Ok, first we'll see whether we can get the server running, then we can
remove the offending volumes.

> 16:22:46 Entering DCC(0x1000004)
> Magic wrong in Page i           
> 16:22:46 DCC: Bad Dir(0x1000004.6d.68e9) in rvm...Aborting
> 16:22:46 JE: directory vnode 0x1000004.6d.68e9: invalid entry ; 
> 16:22:46 JE: child vnode not allocated or uniqfiers dont match; cannot
> happen

Ok, this is the bad volume, create a file called /vice/vol/skipsalvage,
with the following content.

-8<--/vice/vol/skipsalvage------------------------------------------------
1
1000004
-8<-----------------------------------------------------------------------

This tells the server to not try and salvage/attach the volume during
startup. Then start the server and see if it crashes on anything else.

When the server is up and running, we have a nice list of volumes to
purge, but we can't really do this while the server is running.
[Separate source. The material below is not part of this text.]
(* Let $t_1, t_2 \in \mathsf{Topo}$, let $f$ be an embedding of $t_1$ in $t_2$, and let $q \in \mathsf{PIFOTree}(t_1)$. Then $q \preceq \widehat f(q)$.
   Context: Fix a set $\mathsf{Pkt}$ of packets and a totally ordered set $\mathsf{Rk}$ of ranks (a smaller rank is more favorable). PIFOs: for a set $S$, a PIFO over $S$ is a finite sequence of pairs $(s,r) \in S \times \mathsf{Rk}$ kept in insertion order; $\mathsf{PIFO}(S)$ is the set of these. $\mathsf{push}_{\mathsf{PIFO}}(p,s,r)$ appends $(s,r)$ to $p$. $\mathsf{pop}_{\mathsf{PIFO}}(p)$ is undefined if $p$ is empty; otherwise it removes the entry $(s,r)$ of $p$ with minimal rank (earliest-inserted among ties) and returns $(s,p')$ with $p'$ the rest. Topologies: $\mathsf{Topo}$ is the smallest set with $* \in \mathsf{Topo}$ and $\mathsf{Node}(\vec t) \in \mathsf{Topo}$ for every $n \in \mathbb{N}$, $\vec t \in \mathsf{Topo}^n$; $\vec t[i]$ is the $i$-th entry. PIFO trees: $\mathsf{Leaf}(p) \in \mathsf{PIFOTree}( * )$ for $p \in \mathsf{PIFO}(\mathsf{Pkt})$; $\mathsf{Internal}(\vec q, p) \in \mathsf{PIFOTree}(\mathsf{Node}(\vec t))$ whenever $\vec t \in \mathsf{Topo}^n$, $p \in \mathsf{PIFO}(\{1,\dots,n\})$, $\vec q[i] \in \mathsf{PIFOTree}(\vec t[i])$. $\vec q[q'/i]$ is $\vec q$ with $i$-th entry replaced by $q'$. pop (partial): $\mathsf{pop}(\mathsf{Leaf}(p)) = (pkt,\mathsf{Leaf}(p'))$ if $\mathsf{pop}_{\mathsf{PIFO}}(p)=(pkt,p')$; $\mathsf{pop}(\mathsf{Internal}(\vec q,p)) = (pkt,\mathsf{Internal}(\vec q[q'/i],p'))$ if $\mathsf{pop}_{\mathsf{PIFO}}(p)=(i,p')$ and $\mathsf{pop}(\vec q[i]) = (pkt,q')$; undefined otherwise. Paths: $\mathsf{Path}( * ) = \mathsf{Rk}$; $\mathsf{Path}(\mathsf{Node}(\vec t))$ consists of $(i,r)::pt$ with $1\le i\le n$, $r\in\mathsf{Rk}$, $pt\in\mathsf{Path}(\vec t[i])$. push: $\mathsf{push}(\mathsf{Leaf}(p),pkt,r) = \mathsf{Leaf}(\mathsf{push}_{\mathsf{PIFO}}(p,pkt,r))$; $\mathsf{push}(\mathsf{Internal}(\vec q,p),pkt,(i,r)::pt) = \mathsf{Internal}(\vec q[\mathsf{push}(\vec q[i],pkt,pt)/i],\mathsf{push}_{\mathsf{PIFO}}(p,i,r))$. Simulation: a relation $R \subseteq \mathsf{PIFOTree}(t_1)\times\mathsf{PIFOTree}(t_2)$ is a simulation if for all $pkt$ and $q_1 \mathrel{R} q_2$: (1) if $\mathsf{pop}(q_1)$ is undefined so is $\mathsf{pop}(q_2)$; (2) if $\mathsf{pop}(q_1)=(pkt,q_1')$ then $\mathsf{pop}(q_2)=(pkt,q_2')$ with $q_1' \mathrel{R} q_2'$; (3) for every $pt_1\in\mathsf{Path}(t_1)$ there is $pt_2 \in \mathsf{Path}(t_2)$ with $\mathsf{push}(q_1,pkt,pt_1) \mathrel{R} \mathsf{push}(q_2,pkt,pt_2)$. $q_1 \preceq q_2$ means some simulation relates them. Addresses: $\mathsf{Addr}(t) \subseteq \mathbb{N}^*$ is the smallest set with $\epsilon \in \mathsf{Addr}(t)$ and $i\cdot\alpha \in \mathsf{Addr}(\mathsf{Node}(\vec t))$ for $1\le i\le n$, $\alpha \in \mathsf{Addr}(\vec t[i])$. Subtrees: $t/\epsilon = t$, $\mathsf{Node}(\vec t)/(i\cdot\alpha) = \vec t[i]/\alpha$. An embedding of $t_1$ in $t_2$ is an injective $f:\mathsf{Addr}(t_1)\to\mathsf{Addr}(t_2)$ with $f(\epsilon)=\epsilon$, $t_2/f(\alpha) = *$ whenever $t_1/\alpha = *$, and: $\alpha$ is a prefix of $\alpha'$ iff $f(\alpha)$ is a prefix of $f(\alpha')$. If $t_1 = *$ then $t_2 = *$; if $t_1 = \mathsf{Node}(\vec t_1)$ then for each $i$ the map $f_i$ defined by $f(i\cdot\alpha) = f(i)\cdot f_i(\alpha)$ is an embedding of $t_1/i$ in $t_2/f(i)$. Lifting $\widehat f:\mathsf{PIFOTree}(t_1)\to\mathsf{PIFOTree}(t_2)$, by recursion on $t_1$: if $t_1 = *$, $\widehat f(q) = q$. If $t_1 = \mathsf{Node}(\vec t_1)$ with $n$ children and $q = \mathsf{Internal}(\vec q,p)$, define for each address $\alpha$ of $t_2$ that is a prefix of some $f(i)$ a tree $\widehat f(q)_\alpha \in \mathsf{PIFOTree}(t_2/\alpha)$, from longer to shorter $\alpha$: if $\alpha = f(i)$, then $\widehat f(q)_\alpha = \widehat{f_i}(\vec q[i])$; otherwise $t_2/\alpha$ is a node with some $m$ children, and $\widehat f(q)_\alpha = \mathsf{Internal}(\vec q_\alpha, p_\alpha)$ where $\vec q_\alpha[j] = \widehat f(q)_{\alpha\cdot j}$ if $\alpha\cdot j$ is a prefix of some $f(i)$, and otherwise $\vec q_\alpha[j]$ is the tree of topology $t_2/(\alpha\cdot j)$ all of whose PIFOs are empty; and $p_\alpha$ is obtained from $p$ by replacing each entry $(i,r)$ with $(j,r)$ where $j$ is such that $\alpha\cdot j$ is a prefix of $f(i)$, deleting entries $(i,r)$ for which no such $j$ exists, and keeping the order of entries. Finally $\widehat f(q) = \widehat f(q)_\epsilon$. *)

From mathcomp Require Import all_boot all_order.
Set Implicit Arguments. Unset Strict Implicit. Unset Printing Implicit Defensive.
Import Order.TTheory.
So we
have to shut the server down, and use another app to purge the volume
from RVM.

$ volutil shutdown
...wait for the server to shut down...
$ cat /vice/srv.conf
-rvm <logdevice> <datadevice> <datasize>
$ norton <logdevice> <datadevice> <datasize>
Loading rvm...
norton> delete volume 0x1000004
norton> quit
$ rm /vice/vol/skipsalvage
$

At this point we have a server which nicely garbage collects all memory
and data that used to be associated with the purged volumes during it's
startup.

> **** Here's some of the final SrvLog data from before the crash. Seems like
> my SrvLog has been much much busier than normal, but perhaps I just turned
> on more detailed logging somehow? You can spot the crash at the end of this
> segment pretty easily, but there don't seem to really be any clues as to
> what caused it since all the previous actions finished properly.
> 

> 16:12:13 S_VolNewDump:  volume dump succeeded
> 16:12:22 ****** FILE SERVER INTERRUPTED BY SIGNAL 11 ******

9 seconds is a long time, this is possibly unrelated to the volume dump
that just succeeded. Maybe your restored volume has the same name as the
next backup volume, and the creation fails. But that is just a guess.
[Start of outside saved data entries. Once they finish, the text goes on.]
(* Deterministic part of the step: (D) and minimality of theta* turn the
   averaged linear term into a contraction. *)
Lemma descent_bound th v (n : R) : subdiff ip (Jdelta J delta) th v -> 0 < n ->
  bregmanR ip J delta v thstar th + 2 / nu / n * ip (gL th) (thstar - th)
  + noise_weight delta (2 / nu / n) * (`|gL th| ^+ 2 + sigma ^+ 2)
  <= Num.max 0 (1 - 2 / n + contraction_const delta Lc nu / n ^+ 2)
     * bregmanR ip J delta v thstar th
     + noise_const delta gL sigma nu thstar / n ^+ 2.
Proof.
move=> sub n0; set tau := 2 / nu / n; set kap := noise_weight delta tau.
set D := bregmanR ip J delta v thstar th.
have fth := subdiff_fin pJ sub.
have decrease : ip (gL th) (thstar - th) <= - (nu * D).
  have := strongL _ thstar _ sub; rewrite bregmanE // -EFinM -EFinD lee_fin -/D.
  by have := Lmin th; lra.
have tau_dec : tau * ip (gL th) (thstar - th) <= - (2 / n) * D.
  have -> : - (2 / n) * D = tau * (- (nu * D)).
    by rewrite /tau; field; rewrite !lt0r_neq0.
  by rewrite ler_wpM2l // divr_ge0 ?divr_ge0 // ltW.
have grad := grad_sqr_le_bregman sub; rewrite -/D in grad.
have kap0 : 0 <= kap := noise_weight_ge0 (ltW d0).
have noise := ler_wpM2l kap0 (lerD grad (lexx (sigma ^+ 2))).
have split_noise :
    kap * (2 * `|gL thstar| ^+ 2 + 4 * delta * Lc ^+ 2 * D + sigma ^+ 2)
    = noise_const delta gL sigma nu thstar / n ^+ 2
      + contraction_const delta Lc nu / n ^+ 2 * D.
  rewrite /kap /noise_weight /tau /noise_const /contraction_const.
  by field; rewrite !lt0r_neq0.
have amax : 1 - 2 / n + contraction_const delta Lc nu / n ^+ 2
    <= Num.max 0 (1 - 2 / n + contraction_const delta Lc nu / n ^+ 2).
  by rewrite le_max lexx orbT.
have D0 : 0 <= D := bregmanR_ge0 Hip d0 cJ pJ sub fstar.
have := ler_wpM2r D0 amax.
lra.
Qed.
Let val_z : z != 0 /\ v z = 0.
Proof.
have [z10 vz1] := val_z_sub1.
have -> : z = 1 + (z - 1) by ring.
by rewrite -val1; apply: valDl; [exact: oner_neq0 | right; rewrite val1 vz1; lia].
Qed.

Let sigma_y : sigma y = - y^-1.
Proof. by rewrite /y fmorph_div tau_z invf_div mulNr. Qed.

Let tau_y : sigma (sigma y) = y.
Proof. by rewrite sigma_y rmorphN fmorphV sigma_y invrN invrK opprK. Qed.

Let val_y_sub1 : y - 1 != 0 /\ v (y - 1) = (2 * e)%:Z.
Proof.
have [z0 vz] := val_z; have [z10 vz1] := val_z_sub1.
have [dz0 vdz] := val_sigma_sub_odd z10 vz1 e_odd.
have -> : y - 1 = (sigma (z - 1) - (z - 1)) / z by rewrite /y rmorphB rmorph1; field.
by rewrite mulf_neq0 ?invr_eq0 // valf_div // vdz vz1 vz; split=> //; ring.
Qed.

Let val_y : y != 0 /\ v y = 0.
Proof.
have [y10 vy1] := val_y_sub1.
have -> : y = 1 + (y - 1) by ring.
by rewrite -val1; apply: valDl; [exact: oner_neq0 | right; rewrite val1 vy1; lia].
Qed.

Let val_y_add1 : y + 1 != 0 /\ v (y + 1) = (2 * e)%:Z.
Proof.
have [y10 vy1] := val_y_sub1.
have -> : y + 1 = y - 1 + 2 by ring.
by rewrite -vy1; apply: valDl => //; right; rewrite vy1 val2E; lia.
Qed.

Variable lam : K.
Hypotheses (lam0 : lam != 0) (sigma_lam : sigma lam = lam) (vlam : v lam = 4).

Let lamX (n : int) :
  [/\ lam ^ n != 0, sigma (lam ^ n) = lam ^ n & v (lam ^ n) = n * 4].
Proof.
by split; [rewrite expfz_neq0 | rewrite fmorphXz sigma_lam | rewrite valXz // vlam].
Qed.

Lemma mu1_construction (a : int) : (a = e%:Z %[mod 4])%Z ->
  exists alpha rho : K,
    [/\ alpha != 0 /\ v alpha = a, rho != 0 /\ v rho = a + (2 * e)%:Z &
        let mu1 := sigma alpha - alpha - rho in
        [/\ sigma (sigma mu1) = mu1, mu1 != 0 & v mu1 = a + e%:Z]].
Proof.
move=> /eqz_mod_exists [n ->].
have [k0 sk vk] := lamX n; set k := lam ^ n in k0 sk vk.
have [z0 _] := val_z; have [z10 vz1] := val_z_sub1; have [y10 vy1] := val_y_sub1.
have sz : sigma z = y * z by rewrite /y divfK.
have ty := tau_y; clearbody y z.
exists (k * (z - 1)), (k * (y - 1) * (z - 1)); split.
- by rewrite mulf_neq0 // valM // vk vz1; split=> //; ring.
- by rewrite !mulf_neq0 // !valM ?mulf_neq0 // vk vz1 vy1; split=> //; ring.
have -> : sigma (k * (z - 1)) - k * (z - 1) - k * (y - 1) * (z - 1) = k * (y - 1).
  by rewrite rmorphM rmorphB rmorph1 sk sz; ring.
split; first by rewrite !rmorphM !rmorphB !rmorph1 !sk ty.
  by rewrite mulf_neq0.
by rewrite valM // vk vy1; ring.
Qed.
(* Let $G=\mathrm{Cay}(\Gamma,S)$ be a Cayley graph, let $h\in S$ be an involution such that $H:=\langle h\rangle$ is normal in $\Gamma$, and let $r\ge2$. If $\{\mathbb{I},h\}$ is an $(r+2)$-local $2$-separator of $G$, then the vertex $\{\mathbb{I},h\}$ is an $r$-local cutvertex of $G/h$.
   Context: Generating sets exclude the identity $\mathbb{I}$ and are closed under inverses; $\mathrm{Cay}(\Gamma,S)$ is the simple graph on $\Gamma$ with edges $\{g,gs\}$. $G/h$ is the simple graph obtained from $G$ by contracting all edges labelled $h$ (i.e. the edges $\{g,gh\}$) and identifying parallel edges: its vertices are the cosets $gH=\{g,gh\}$, and two distinct cosets are adjacent iff some element of one is adjacent in $G$ to some element of the other. Ball $B_r(v)$: subgraph of all vertices and edges on closed walks of length $\le r$ through $v$; $v$ is an $r$-local cutvertex if $B_r(v)-v$ is disconnected. For $X=\{v_0,v_1\}$, $N(X)$ is the set of vertices outside $X$ adjacent to $X$; the connectivity graph $C_r(v_0,v_1)$ has vertex set $N(X)$, $a,b$ adjacent if for some $i$ they lie in the same component of $B_r(v_i)-v_0-v_1$; $X$ is an $r$-local $2$-separator if $C_r(v_0,v_1)$ is disconnected and $d_G(v_0,v_1)\le r/2$. *)

From Stdlib Require Import Relations.
From Stdlib Require List.
From HB Require Import structures.
From mathcomp Require Import ssreflect ssrfun ssrbool eqtype ssrnat seq choice monoid.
> 16:12:22 Becoming a zombie now ........
> 16:12:22 You may use gdb to attach to 1853
...
> **** couldn't seem to attach a debugger to it either, looked like it just
> crashed and didn't even zombie like it said it would...

Ah, after several requests we've modified the servers to not become a
zombie when it crashes. Create a file /vice/srv/ZOMBIFY (which makes
the startserver pass a -zombify flag to codasrv) to get the old
behaviour back.

Jan
Received on 2000-08-16 12:02:25